Working from the records below, repeat exactly the lines starting at the line that contains "rewrite /ordS /=;" and ending at the line that contains "have size_p : size", inclusive.

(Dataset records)
-.-.-

Lemma val_ordS (u : 'I_m) : nat_of_ord (ordS u) = if u.+1 < m then u.+1 else 0.
Proof.
rewrite /ordS /=; case: ltnP => [lt_um|le_mu]; first by rewrite modn_small.
have -> : u.+1 = m by have := ltn_ord u; lia.
by rewrite modnn.
Qed.

Lemma ordS_neq (u : 'I_m) : ordS u != u.
Proof.
by apply/eqP => /(congr1 (@nat_of_ord m)); rewrite val_ordS; have := ltn_ord u; case: ifP; lia.
Qed.

Lemma ordSS_neq (u : 'I_m) : ordS (ordS u) != u.
Proof.
apply/eqP => /(congr1 (@nat_of_ord m)); rewrite !val_ordS; have := ltn_ord u.
by case: ifP => /=; rewrite ?val_ordS; case: ifP; lia.
Qed.

Lemma next_enum_ord (u : 'I_m) : next (enum 'I_m) u = ordS u.
Proof.
rewrite next_nth mem_enum /=.
case E: (enum 'I_m) => [|y p]; first by have := mem_enum 'I_m u; rewrite E.
apply: ord_inj; rewrite val_ordS.
have size_p : size p = m.-1 by have := size_enum_ord m; rewrite E /=; lia.
have y0 : val y = 0 by have := @nth_enum_ord m y 0; rewrite E /=; apply; lia.
rewrite -E index_enum_ord; case: ltnP => [lt_um|le_mu].
  by have := @nth_enum_ord m y u.+1 lt_um; rewrite E.
by rewrite nth_default // size_p; lia.
Qed.

Definition layer_edge (u : 'I_m) (i j : 'I_4) : {set V} := [set (u, i); (ordS u, j)].

Lemma layer_edge_inj u i j u' i' j' :
  layer_edge u i j = layer_edge u' i' j' -> [/\ u = u', i = i' & j = j'].
Proof.
move=> e.
have : (u, i) \in layer_edge u' i' j' by rewrite -e !inE eqxx.
have : (ordS u, j) \in layer_edge u' i' j' by rewrite -e !inE eqxx orbT.
rewrite !inE !xpair_eqE.
case/orP => /andP[/eqP e1 /eqP e2]; case/orP => /andP[/eqP eu /eqP ei] //.
- by move: (ordS_neq u); rewrite e1 eu eqxx.
- by move: (ordSS_neq u'); rewrite -eu -e1 eqxx.
- by move: (ordS_neq u'); rewrite -eu (ordS_inj e1) eqxx.
Qed.

Lemma edge_setP S : S \in E <-> exists u i j, S = layer_edge u i j.
Proof.
split => [|[u [i [j ->]]]].
  case/imset2P => [[u i] [w j]] _; rewrite inE /lex_adj /cycle_adj /= => /orP[]/eqP e ->.
    have -> : w = ordS u by exact: val_inj.
    by exists u, i, j.
  have -> : u = ordS w by exact: val_inj.
  by exists w, j, i; rewrite /layer_edge setUC.
apply/imset2P; exists (u, i) (ordS u, j) => //.
by rewrite inE /lex_adj /cycle_adj /= eqxx.
Qed.

Definition layer_kind (u : 'I_m) : nat :=
  if odd m && (u.+2 == m) then 1 else if odd m && (u.+1 == m) then 2 else 0.

Lemma layer_kind_lt u : layer_kind u < 3.
Proof. by rewrite /layer_kind; case: ifP => //; case: ifP. Qed.

Lemma layer_kind_succ1 u : layer_kind u = 1 -> layer_kind (ordS u) = 2.
Proof.
rewrite /layer_kind val_ordS; have := ltn_ord u.
by case: (odd m) => //=; repeat case: ifP; lia.
Qed.

Lemma layer_kind_pred2 u : layer_kind u = 2 -> layer_kind (ord_pred u) = 1.
Proof.
rewrite -{1}[u]ord_predK /layer_kind val_ordS; have := ltn_ord (ord_pred u).
by case: (odd m) => //=; repeat case: ifP; lia.
Qed.

Definition colour (u : 'I_m) (i j : 'I_4) : nat := table_colour (layer_kind u) i j.

Lemma colour_range u i j : 0 < colour u i j <= 4.
Proof. exact/table_colour_range/layer_kind_lt. Qed.

Definition edge_colour (S : {set V}) : nat :=
  if [pick t : 'I_m * 'I_4 * 'I_4 | S == layer_edge t.1.1 t.1.2 t.2] is Some (u, i, j)
  then colour u i j else 0.

Lemma edge_colourE u i j : edge_colour (layer_edge u i j) = colour u i j.
Proof.
rewrite /edge_colour; case: pickP => [[[u' i'] j'] /eqP/layer_edge_inj[-> -> ->] //|].
by move/(_ (u, i, j)); rewrite eqxx.
Qed.

Definition colour_class (k : nat) : {set {set V}} := [set S in E | edge_colour S == k].

Lemma mem_colour_class k u i j : (layer_edge u i j \in colour_class k) = (colour u i j == k).
Proof.
rewrite inE edge_colourE andbC; case: eqP => //= _.
by apply/edge_setP; exists u, i, j.
Qed.

Lemma colour_incident k (u : 'I_m) (i : 'I_4) : 0 < k <= 4 ->
  exists j, colour u i j = k \/ colour (ord_pred u) j i = k.
Proof. exact/table_colour_incident/layer_kind_lt/layer_kind_lt. Qed.

Lemma colour_class_factor k (I : finType) (c : I -> seq V) (len : nat) :
  0 < k <= 4 -> (forall v, size (c v) = len) -> len * #|I| = m * 4 ->
  (forall v, cycle_edges (c v) \subset colour_class k) ->
  (forall u i j, colour u i j = k -> exists v, layer_edge u i j \in cycle_edges (c v)) ->
  is_cycle_factor len (colour_class k).
Proof.
move=> k_range size_c card_c sub_c cover_c.
have -> : colour_class k = \bigcup_v cycle_edges (c v).
  apply/eqP; rewrite eqEsubset; apply/andP; split; last by apply/bigcupsP.
  apply/subsetP => S; rewrite inE => /andP[/edge_setP[u [i [j ->]]]].
  by rewrite edge_colourE => /eqP/cover_c[v ev]; apply/bigcupP; exists v.
apply: cycle_factor_of_family size_c _ _; last by rewrite card_prod !card_ord.
case=> u i; have [j [/cover_c[v ev] | /cover_c[v]]] := colour_incident u i k_range.
  by exists v; apply: mem_cycle_edges ev.
by rewrite /layer_edge ord_predK setUC => ev; exists v; apply: mem_cycle_edges ev.
Qed.

Definition flat_square (u : 'I_m) (a b c d : 'I_4) : seq V :=
  [:: (u, a); (ordS u, b); (u, c); (ordS u, d)].

Definition bent_square (u : 'I_m) (a b c d : 'I_4) : seq V :=
  [:: (u, a); (ordS u, b); (ordS (ordS u), c); (ordS u, d)].

Lemma uniq_square (x y z w : 'I_m) (a b c d : 'I_4) :
  uniq [:: a; b; c; d] -> uniq [:: (x, a); (y, b); (z, c); (w, d)].
Proof. by move=> uq; apply: (@map_uniq _ _ snd). Qed.

Lemma cycle_edges_flat u a b c d : uniq [:: a; b; c; d] ->
  cycle_edges (flat_square u a b c d) =
  [set layer_edge u a b; layer_edge u c b; layer_edge u c d; layer_edge u a d].
Proof.
move/(uniq_square u (ordS u) u (ordS u))/cycle_edges_quad->.
by rewrite /layer_edge (setUC [set (ordS u, b)]) (setUC [set (ordS u, d)]).
Qed.

Lemma cycle_edges_bent u a b c d : uniq [:: a; b; c; d] ->
  cycle_edges (bent_square u a b c d) =
  [set layer_edge u a b; layer_edge (ordS u) b c; layer_edge (ordS u) d c; layer_edge u a d].
Proof.
move/(uniq_square u (ordS u) (ordS (ordS u)) (ordS u))/cycle_edges_quad->.
by rewrite /layer_edge (setUC [set (ordS (ordS u), c)]) (setUC [set (ordS u, d)] [set (u, a)]).
Qed.

(* The 4-cycles of colour k = 1, 2: one per generic layer pair, and two, both
   spanning the layers m-2, m-1, 0, for the pairs of kinds 1 and 2. *)
Definition square_cycle (k : nat) (u : 'I_m) : seq V :=
  match layer_kind u, k with
  | 0, 1 => flat_square u o0 o2 o1 o3
  | 0, _ => flat_square u o2 o0 o3 o1
  | 1, 1 => bent_square u o0 o1 o2 o3
  | 1, _ => bent_square u o2 o0 o1 o3
  | _, 1 => bent_square (ord_pred u) o1 o0 o3 o2
  | _, _ => bent_square (ord_pred u) o3 o1 o0 o2
  end.

Lemma size_square_cycle k u : size (square_cycle k u) = 4.
Proof. by rewrite /square_cycle; case: layer_kind => [|[|]]; case: k => [|[|]]. Qed.

Lemma square_cycle_coloured k u : 0 < k < 3 ->
  cycle_edges (square_cycle k u) \subset colour_class k.
Proof.
move=> k12; rewrite /square_cycle.
have := layer_kind_lt u; case Hk: (layer_kind u) => [|[|[|]]] // _;
  case: k k12 => [|[|[|]]] // _;
  rewrite ?cycle_edges_flat ?cycle_edges_bent // !subUset !sub1set ?ord_predK;
  by rewrite !mem_colour_class /colour ?Hk ?(layer_kind_succ1 Hk) ?(layer_kind_pred2 Hk).
Qed.

Lemma square_cycle_cover k u i j : 0 < k < 3 -> colour u i j = k ->
  exists v, layer_edge u i j \in cycle_edges (square_cycle k v).
Proof.
move=> k12; rewrite /colour; have := layer_kind_lt u.
case Hk: (layer_kind u) => [|[|[|]]] // _ col_k.
- exists u; rewrite /square_cycle Hk.
  case: k k12 col_k => [|[|[|]]] // _; rewrite cycle_edges_flat //;
  by elim/ord4_ind: i; elim/ord4_ind: j => //= _; rewrite !inE eqxx ?orbT.
- suff /orP[e|e] : (layer_edge u i j \in cycle_edges (square_cycle k u))
                || (layer_edge u i j \in cycle_edges (square_cycle k (ordS u))).
  + by exists u.
  + by exists (ordS u).
  rewrite /square_cycle Hk (layer_kind_succ1 Hk) ordSK.
  case: k k12 col_k => [|[|[|]]] // _; rewrite !cycle_edges_bent //;
  by elim/ord4_ind: i; elim/ord4_ind: j => //= _; rewrite !inE eqxx ?orbT.
- suff /orP[e|e] : (layer_edge u i j \in cycle_edges (square_cycle k u))
                || (layer_edge u i j \in cycle_edges (square_cycle k (ord_pred u))).
  + by exists u.
  + by exists (ord_pred u).
  rewrite /square_cycle Hk (layer_kind_pred2 Hk).
  case: k k12 col_k => [|[|[|]]] // _; rewrite !cycle_edges_bent // !ord_predK;
  by elim/ord4_ind: i; elim/ord4_ind: j => //= _; rewrite !inE eqxx ?orbT.
Qed.

Lemma square_factor k : 0 < k < 3 -> is_cycle_factor 4 (colour_class k).
Proof.
move=> k12; apply: (@colour_class_factor k _ (square_cycle k)).
- by lia.
- exact: size_square_cycle.
- by rewrite card_ord mulnC.
- by move=> u; apply: square_cycle_coloured.
- by move=> u i j; apply: square_cycle_cover.
Qed.

Definition transversal (g : 'I_m -> 'I_4) : seq V := [seq (u, g u) | u <- enum 'I_m].

Lemma cycle_edges_transversal g :
  cycle_edges (transversal g) = [set layer_edge u (g u) (g (ordS u)) | u : 'I_m].
Proof.
have g_inj : injective (fun u => (u, g u)) by move=> ? ? [].
apply/setP => S; apply/imsetP/imsetP => [[_ /mapP[u _ ->] ->]|[u _ ->]].
  by exists u; rewrite // (next_map g_inj (enum_uniq _)) next_enum_ord.
by exists (u, g u); rewrite ?map_f ?mem_enum // (next_map g_inj (enum_uniq _)) next_enum_ord.
Qed.

Lemma transversal_factor k (g : 'I_4 -> 'I_m -> 'I_4) : 2 < k <= 4 ->
  (forall v u, colour u (g v u) (g v (ordS u)) = k) ->
  (forall u i j, colour u i j = k -> exists v, g v u = i /\ g v (ordS u) = j) ->
  is_cycle_factor m (colour_class k).
Proof.
move=> k34 g_col g_cover; apply: (@colour_class_factor k _ (fun v => transversal (g v))).
- by lia.
- by move=> v; rewrite size_map size_enum_ord.
- by rewrite card_ord.
- move=> v; rewrite cycle_edges_transversal; apply/subsetP => _ /imsetP[u _ ->].
  by rewrite mem_colour_class g_col.
- move=> u i j /g_cover[v [gi gj]]; exists v; rewrite cycle_edges_transversal.
  by apply/imsetP; exists u; rewrite ?gi ?gj.
Qed.

Lemma straight_factor : is_cycle_factor m (colour_class 3).
Proof.
apply: (@transversal_factor 3 (fun v (_ : 'I_m) => v)) => //.
  by move=> v u; apply/eqP; rewrite /colour table_colour3 ?layer_kind_lt.
by move=> u i j /eqP; rewrite /colour table_colour3 ?layer_kind_lt // => /eqP->; exists j.
Qed.

Definition twist (u : 'I_m) (j : 'I_4) : 'I_4 :=
  if layer_kind u == 2 then wrap_twist j else if odd u then pair_swap j else j.

Lemma twist_inj u : injective (twist u).
Proof.
rewrite /twist; case: (layer_kind u == 2); first exact: wrap_twist_inj.
by case: (odd u); [exact: pair_swap_inj | move=> ? ?].
Qed.

Lemma twist_colour u j : colour u (twist u j) (twist (ordS u) j) = 4.
Proof.
have lt_um := ltn_ord u.
rewrite /colour /twist /layer_kind val_ordS.
case: (ltngtP u.+2 m) => [lt_u2 | gt_u2 | e2].
- have [-> ->] : (u.+1 == m) = false /\ (u.+2 == m) = false by split; lia.
  by rewrite !andbF /=; case: (_ && _); case: (odd u); elim/ord4_ind: j.
- have e1 : u.+1 = m by lia.
  have [-> ->] : (2 == m) = false /\ (1 == m) = false by split; lia.
  have -> : odd m = ~~ odd u by rewrite -[m in odd m]e1.
  by rewrite e1 eqxx !andbF /=; case: (odd u); elim/ord4_ind: j.
- have [-> ->] : (u.+1 == m) = false /\ (u.+3 == m) = false by split; lia.
  have -> : odd m = odd u by rewrite -[m in odd m]e2 /= negbK.
  by rewrite e2 eqxx !andbF !andbT /=; case: (odd u); elim/ord4_ind: j.
Qed.

Lemma twisted_factor : is_cycle_factor m (colour_class 4).
Proof.
apply: (@transversal_factor 4 (fun v u => twist u v)) => //.
  by move=> v u; apply: twist_colour.
move=> u i j c4; set v := finv (twist u) i.
have tv : twist u v = i by apply: f_finv; exact: twist_inj.
exists v; split=> //; apply: (table_colour4_inj (layer_kind_lt u) _ c4).
by rewrite -{1}tv; exact: twist_colour.
Qed.
End LexCycle.

Theorem mainTheorem4 (m : nat) (hm : 3 <= m) :
  exists F1 F2 F3 F4 : {set {set ('I_m * 'I_4)}},
    [/\ F1 :|: F2 :|: F3 :|: F4 = edge_set (lex_adj (@cycle_adj m) 4),
        [&& [disjoint F1 & F2], [disjoint F1 & F3], [disjoint F1 & F4],
            [disjoint F2 & F3], [disjoint F2 & F4] & [disjoint F3 & F4]],
        is_cycle_factor 4 F1 /\ is_cycle_factor 4 F2 &
        is_cycle_factor m F3 /\ is_cycle_factor m F4].
Proof.
exists (colour_class m 1), (colour_class m 2), (colour_class m 3), (colour_class m 4).
split.
- apply/setP => S; rewrite !inE -!andb_orr andb_idr // => /edge_setP[u [i [j ->]]].
  by rewrite edge_colourE //; have := colour_range u i j; lia.
- by repeat (apply/andP; split); rewrite disjoints_subset; apply/subsetP => S;
    rewrite !inE => /andP[_ /eqP->]; rewrite andbF.
- by split; apply: square_factor.
- by split; [apply: straight_factor | apply: twisted_factor].
Qed.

-.-.-

Task solution —
rewrite /ordS /=; case: ltnP => [lt_um|le_mu]; first by rewrite modn_small.
have -> : u.+1 = m by have := ltn_ord u; lia.
by rewrite modnn.
Qed.

Lemma ordS_neq (u : 'I_m) : ordS u != u.
Proof.
by apply/eqP => /(congr1 (@nat_of_ord m)); rewrite val_ordS; have := ltn_ord u; case: ifP; lia.
Qed.

Lemma ordSS_neq (u : 'I_m) : ordS (ordS u) != u.
Proof.
apply/eqP => /(congr1 (@nat_of_ord m)); rewrite !val_ordS; have := ltn_ord u.
by case: ifP => /=; rewrite ?val_ordS; case: ifP; lia.
Qed.

Lemma next_enum_ord (u : 'I_m) : next (enum 'I_m) u = ordS u.
Proof.
rewrite next_nth mem_enum /=.
case E: (enum 'I_m) => [|y p]; first by have := mem_enum 'I_m u; rewrite E.
apply: ord_inj; rewrite val_ordS.
have size_p : size p = m.-1 by have := size_enum_ord m; rewrite E /=; lia.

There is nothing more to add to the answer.